## TO DO
The first line of the entries below, the line containing "covered t b1 b2 b3 = covered t b1' b2' b3'.", and every line between them should be repeated exactly, and nothing else.

━━ GIVEN RECORDS ━━

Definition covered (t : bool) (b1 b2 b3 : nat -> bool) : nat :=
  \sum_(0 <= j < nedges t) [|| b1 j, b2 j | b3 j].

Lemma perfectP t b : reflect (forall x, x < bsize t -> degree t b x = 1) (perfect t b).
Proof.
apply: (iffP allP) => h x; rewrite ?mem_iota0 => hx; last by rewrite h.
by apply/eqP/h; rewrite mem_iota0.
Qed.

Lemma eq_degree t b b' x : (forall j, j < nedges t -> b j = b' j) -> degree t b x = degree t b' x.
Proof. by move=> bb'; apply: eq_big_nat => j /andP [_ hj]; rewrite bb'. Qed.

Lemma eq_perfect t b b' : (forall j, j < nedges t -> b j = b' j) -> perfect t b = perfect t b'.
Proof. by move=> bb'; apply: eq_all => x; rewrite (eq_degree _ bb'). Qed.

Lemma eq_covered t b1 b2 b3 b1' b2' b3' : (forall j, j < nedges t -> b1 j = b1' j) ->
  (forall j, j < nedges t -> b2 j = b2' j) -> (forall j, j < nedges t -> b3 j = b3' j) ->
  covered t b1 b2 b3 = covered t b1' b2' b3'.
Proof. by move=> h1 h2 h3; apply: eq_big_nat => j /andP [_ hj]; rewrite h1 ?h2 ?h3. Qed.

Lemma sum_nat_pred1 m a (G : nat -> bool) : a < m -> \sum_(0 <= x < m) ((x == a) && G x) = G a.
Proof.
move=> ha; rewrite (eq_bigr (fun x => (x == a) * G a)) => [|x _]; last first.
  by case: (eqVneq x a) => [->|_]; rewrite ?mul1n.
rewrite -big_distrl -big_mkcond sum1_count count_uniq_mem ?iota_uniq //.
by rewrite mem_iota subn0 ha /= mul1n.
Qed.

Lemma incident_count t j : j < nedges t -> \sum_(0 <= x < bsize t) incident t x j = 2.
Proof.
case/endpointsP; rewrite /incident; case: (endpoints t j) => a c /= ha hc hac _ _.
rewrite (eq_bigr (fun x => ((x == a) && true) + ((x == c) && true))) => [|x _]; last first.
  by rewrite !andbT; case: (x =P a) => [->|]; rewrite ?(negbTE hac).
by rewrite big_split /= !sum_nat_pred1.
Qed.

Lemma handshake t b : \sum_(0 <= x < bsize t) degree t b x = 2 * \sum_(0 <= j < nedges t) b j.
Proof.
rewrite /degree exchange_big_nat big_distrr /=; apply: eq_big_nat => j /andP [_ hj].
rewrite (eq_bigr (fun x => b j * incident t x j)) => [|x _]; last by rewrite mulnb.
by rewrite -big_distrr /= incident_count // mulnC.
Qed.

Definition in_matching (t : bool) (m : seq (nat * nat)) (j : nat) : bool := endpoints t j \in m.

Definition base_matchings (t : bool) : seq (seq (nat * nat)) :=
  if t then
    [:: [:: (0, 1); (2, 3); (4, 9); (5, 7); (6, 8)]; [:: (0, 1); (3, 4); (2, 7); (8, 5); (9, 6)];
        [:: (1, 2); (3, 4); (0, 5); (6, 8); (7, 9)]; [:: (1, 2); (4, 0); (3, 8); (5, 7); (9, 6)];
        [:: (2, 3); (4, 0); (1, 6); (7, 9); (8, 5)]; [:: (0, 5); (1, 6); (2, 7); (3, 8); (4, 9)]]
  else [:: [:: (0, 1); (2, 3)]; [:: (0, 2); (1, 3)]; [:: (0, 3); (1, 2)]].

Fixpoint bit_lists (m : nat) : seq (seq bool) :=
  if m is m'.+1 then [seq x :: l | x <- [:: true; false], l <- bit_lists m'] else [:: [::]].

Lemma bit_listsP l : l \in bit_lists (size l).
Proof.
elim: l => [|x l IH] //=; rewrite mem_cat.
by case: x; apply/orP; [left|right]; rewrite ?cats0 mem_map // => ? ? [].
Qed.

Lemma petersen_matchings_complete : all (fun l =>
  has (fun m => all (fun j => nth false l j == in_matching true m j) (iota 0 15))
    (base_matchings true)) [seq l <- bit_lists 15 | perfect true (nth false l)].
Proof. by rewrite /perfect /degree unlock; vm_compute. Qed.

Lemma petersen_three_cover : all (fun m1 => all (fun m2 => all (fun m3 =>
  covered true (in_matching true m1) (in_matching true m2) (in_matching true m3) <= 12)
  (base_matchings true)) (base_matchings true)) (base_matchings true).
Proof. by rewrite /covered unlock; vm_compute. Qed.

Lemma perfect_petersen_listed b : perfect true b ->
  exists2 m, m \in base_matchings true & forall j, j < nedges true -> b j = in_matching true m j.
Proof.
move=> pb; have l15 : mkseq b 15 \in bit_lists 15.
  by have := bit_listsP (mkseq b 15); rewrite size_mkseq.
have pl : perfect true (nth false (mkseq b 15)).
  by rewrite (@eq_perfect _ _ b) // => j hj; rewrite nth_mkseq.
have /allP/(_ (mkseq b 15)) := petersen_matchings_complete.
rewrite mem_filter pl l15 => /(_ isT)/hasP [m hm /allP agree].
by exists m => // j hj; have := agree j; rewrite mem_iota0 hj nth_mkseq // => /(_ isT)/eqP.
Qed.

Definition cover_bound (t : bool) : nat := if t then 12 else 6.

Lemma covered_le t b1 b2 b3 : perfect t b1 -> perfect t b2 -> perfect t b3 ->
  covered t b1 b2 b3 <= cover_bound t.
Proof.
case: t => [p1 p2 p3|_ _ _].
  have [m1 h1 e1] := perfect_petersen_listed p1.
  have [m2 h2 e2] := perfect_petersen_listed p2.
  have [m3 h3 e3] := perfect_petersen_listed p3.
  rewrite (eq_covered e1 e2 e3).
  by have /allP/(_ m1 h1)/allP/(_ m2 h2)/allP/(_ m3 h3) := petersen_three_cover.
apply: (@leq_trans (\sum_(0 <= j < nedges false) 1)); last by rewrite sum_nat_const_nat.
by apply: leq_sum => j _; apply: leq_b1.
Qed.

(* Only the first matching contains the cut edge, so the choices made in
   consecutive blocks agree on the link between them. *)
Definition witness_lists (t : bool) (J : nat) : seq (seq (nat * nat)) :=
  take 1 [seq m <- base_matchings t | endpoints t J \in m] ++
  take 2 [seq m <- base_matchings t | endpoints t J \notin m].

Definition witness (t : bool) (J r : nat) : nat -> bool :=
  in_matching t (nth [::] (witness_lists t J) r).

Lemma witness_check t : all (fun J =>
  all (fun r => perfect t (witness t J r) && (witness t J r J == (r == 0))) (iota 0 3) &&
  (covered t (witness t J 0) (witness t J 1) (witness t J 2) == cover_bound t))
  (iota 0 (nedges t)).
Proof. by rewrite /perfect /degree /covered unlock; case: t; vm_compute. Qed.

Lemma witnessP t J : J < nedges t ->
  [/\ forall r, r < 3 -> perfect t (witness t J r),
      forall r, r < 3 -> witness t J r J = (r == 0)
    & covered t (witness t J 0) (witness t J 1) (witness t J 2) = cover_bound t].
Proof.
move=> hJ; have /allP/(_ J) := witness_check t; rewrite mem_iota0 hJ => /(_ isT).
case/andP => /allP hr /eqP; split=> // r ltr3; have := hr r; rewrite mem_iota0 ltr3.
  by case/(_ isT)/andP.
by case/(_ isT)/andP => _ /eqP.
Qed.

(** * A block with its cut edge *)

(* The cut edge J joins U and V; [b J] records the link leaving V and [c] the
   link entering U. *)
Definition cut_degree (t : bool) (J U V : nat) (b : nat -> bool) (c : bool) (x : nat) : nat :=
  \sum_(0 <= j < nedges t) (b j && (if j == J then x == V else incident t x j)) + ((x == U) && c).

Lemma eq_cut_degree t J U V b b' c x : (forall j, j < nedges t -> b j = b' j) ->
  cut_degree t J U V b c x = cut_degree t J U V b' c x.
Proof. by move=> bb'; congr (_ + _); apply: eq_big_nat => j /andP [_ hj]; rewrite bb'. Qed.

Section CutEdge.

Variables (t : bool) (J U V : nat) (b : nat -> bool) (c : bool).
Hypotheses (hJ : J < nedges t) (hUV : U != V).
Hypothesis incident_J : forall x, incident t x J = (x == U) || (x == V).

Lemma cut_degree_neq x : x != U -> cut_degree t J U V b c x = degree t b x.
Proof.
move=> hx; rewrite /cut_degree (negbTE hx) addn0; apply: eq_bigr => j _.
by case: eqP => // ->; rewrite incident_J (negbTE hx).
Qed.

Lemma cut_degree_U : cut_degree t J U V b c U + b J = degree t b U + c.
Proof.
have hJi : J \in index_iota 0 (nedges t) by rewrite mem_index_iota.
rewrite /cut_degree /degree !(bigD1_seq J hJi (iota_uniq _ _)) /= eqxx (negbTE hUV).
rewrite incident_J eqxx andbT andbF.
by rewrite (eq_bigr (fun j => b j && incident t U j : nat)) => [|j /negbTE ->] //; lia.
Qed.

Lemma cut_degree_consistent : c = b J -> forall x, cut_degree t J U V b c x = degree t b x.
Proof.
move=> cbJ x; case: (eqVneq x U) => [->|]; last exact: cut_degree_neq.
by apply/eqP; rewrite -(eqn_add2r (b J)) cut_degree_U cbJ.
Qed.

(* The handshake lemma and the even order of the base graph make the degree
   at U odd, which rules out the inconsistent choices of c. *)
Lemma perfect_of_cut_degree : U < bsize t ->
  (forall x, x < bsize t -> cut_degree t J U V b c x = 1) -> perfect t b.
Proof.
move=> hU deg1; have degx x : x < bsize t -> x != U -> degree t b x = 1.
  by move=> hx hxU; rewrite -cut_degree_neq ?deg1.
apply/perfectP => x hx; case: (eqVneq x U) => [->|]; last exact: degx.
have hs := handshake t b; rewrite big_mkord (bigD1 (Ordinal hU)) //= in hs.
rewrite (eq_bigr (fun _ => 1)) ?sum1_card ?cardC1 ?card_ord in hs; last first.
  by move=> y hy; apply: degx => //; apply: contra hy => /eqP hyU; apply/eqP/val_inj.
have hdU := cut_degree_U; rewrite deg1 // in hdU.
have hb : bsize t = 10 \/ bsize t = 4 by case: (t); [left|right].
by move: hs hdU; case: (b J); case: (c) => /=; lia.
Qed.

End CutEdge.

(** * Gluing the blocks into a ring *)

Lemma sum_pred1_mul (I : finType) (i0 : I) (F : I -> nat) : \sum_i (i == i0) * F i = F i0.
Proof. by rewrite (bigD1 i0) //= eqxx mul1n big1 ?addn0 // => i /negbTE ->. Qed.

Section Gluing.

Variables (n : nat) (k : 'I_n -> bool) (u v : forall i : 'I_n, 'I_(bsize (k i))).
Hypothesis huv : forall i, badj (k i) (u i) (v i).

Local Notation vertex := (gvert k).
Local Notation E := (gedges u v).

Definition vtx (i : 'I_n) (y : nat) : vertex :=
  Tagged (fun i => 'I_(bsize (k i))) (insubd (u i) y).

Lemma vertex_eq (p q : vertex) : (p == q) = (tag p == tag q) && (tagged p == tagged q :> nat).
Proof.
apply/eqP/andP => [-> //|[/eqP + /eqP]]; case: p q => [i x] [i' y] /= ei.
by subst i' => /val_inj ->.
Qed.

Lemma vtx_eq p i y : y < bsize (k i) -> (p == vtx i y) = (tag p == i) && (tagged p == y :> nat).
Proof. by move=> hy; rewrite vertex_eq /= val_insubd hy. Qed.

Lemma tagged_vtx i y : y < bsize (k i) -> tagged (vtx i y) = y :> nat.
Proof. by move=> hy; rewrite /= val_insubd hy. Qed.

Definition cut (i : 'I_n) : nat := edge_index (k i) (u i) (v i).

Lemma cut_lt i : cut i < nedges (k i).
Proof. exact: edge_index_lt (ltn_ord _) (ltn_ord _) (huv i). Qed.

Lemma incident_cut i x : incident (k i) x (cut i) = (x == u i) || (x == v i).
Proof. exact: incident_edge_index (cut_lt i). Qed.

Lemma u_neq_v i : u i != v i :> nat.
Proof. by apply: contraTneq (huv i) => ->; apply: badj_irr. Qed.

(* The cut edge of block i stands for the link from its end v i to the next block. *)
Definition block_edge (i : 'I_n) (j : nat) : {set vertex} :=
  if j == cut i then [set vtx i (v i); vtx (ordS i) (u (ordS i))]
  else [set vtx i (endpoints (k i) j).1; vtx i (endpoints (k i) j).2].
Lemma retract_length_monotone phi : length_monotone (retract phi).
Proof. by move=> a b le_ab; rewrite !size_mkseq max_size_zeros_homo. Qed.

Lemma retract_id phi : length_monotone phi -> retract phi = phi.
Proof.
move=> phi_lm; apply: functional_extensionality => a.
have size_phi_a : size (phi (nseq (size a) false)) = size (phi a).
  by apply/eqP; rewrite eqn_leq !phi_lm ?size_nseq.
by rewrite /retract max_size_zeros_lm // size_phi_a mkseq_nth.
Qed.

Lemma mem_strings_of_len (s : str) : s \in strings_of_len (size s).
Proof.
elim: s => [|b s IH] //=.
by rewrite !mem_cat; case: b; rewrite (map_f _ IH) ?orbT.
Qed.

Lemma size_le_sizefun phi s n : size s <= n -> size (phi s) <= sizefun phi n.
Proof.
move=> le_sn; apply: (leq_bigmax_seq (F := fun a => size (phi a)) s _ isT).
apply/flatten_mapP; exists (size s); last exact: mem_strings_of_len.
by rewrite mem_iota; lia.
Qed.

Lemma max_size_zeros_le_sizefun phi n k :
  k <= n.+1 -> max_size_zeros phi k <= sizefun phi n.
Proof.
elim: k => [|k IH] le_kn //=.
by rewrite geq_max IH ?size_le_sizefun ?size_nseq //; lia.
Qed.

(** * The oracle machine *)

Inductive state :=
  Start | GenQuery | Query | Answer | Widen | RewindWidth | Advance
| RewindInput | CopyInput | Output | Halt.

━━━

## TASK OUTPUT
Definition covered (t : bool) (b1 b2 b3 : nat -> bool) : nat :=
  \sum_(0 <= j < nedges t) [|| b1 j, b2 j | b3 j].

Lemma perfectP t b : reflect (forall x, x < bsize t -> degree t b x = 1) (perfect t b).
Proof.
apply: (iffP allP) => h x; rewrite ?mem_iota0 => hx; last by rewrite h.
by apply/eqP/h; rewrite mem_iota0.
Qed.

Lemma eq_degree t b b' x : (forall j, j < nedges t -> b j = b' j) -> degree t b x = degree t b' x.
Proof. by move=> bb'; apply: eq_big_nat => j /andP [_ hj]; rewrite bb'. Qed.

Lemma eq_perfect t b b' : (forall j, j < nedges t -> b j = b' j) -> perfect t b = perfect t b'.
Proof. by move=> bb'; apply: eq_all => x; rewrite (eq_degree _ bb'). Qed.

Lemma eq_covered t b1 b2 b3 b1' b2' b3' : (forall j, j < nedges t -> b1 j = b1' j) ->
  (forall j, j < nedges t -> b2 j = b2' j) -> (forall j, j < nedges t -> b3 j = b3' j) ->
  covered t b1 b2 b3 = covered t b1' b2' b3'.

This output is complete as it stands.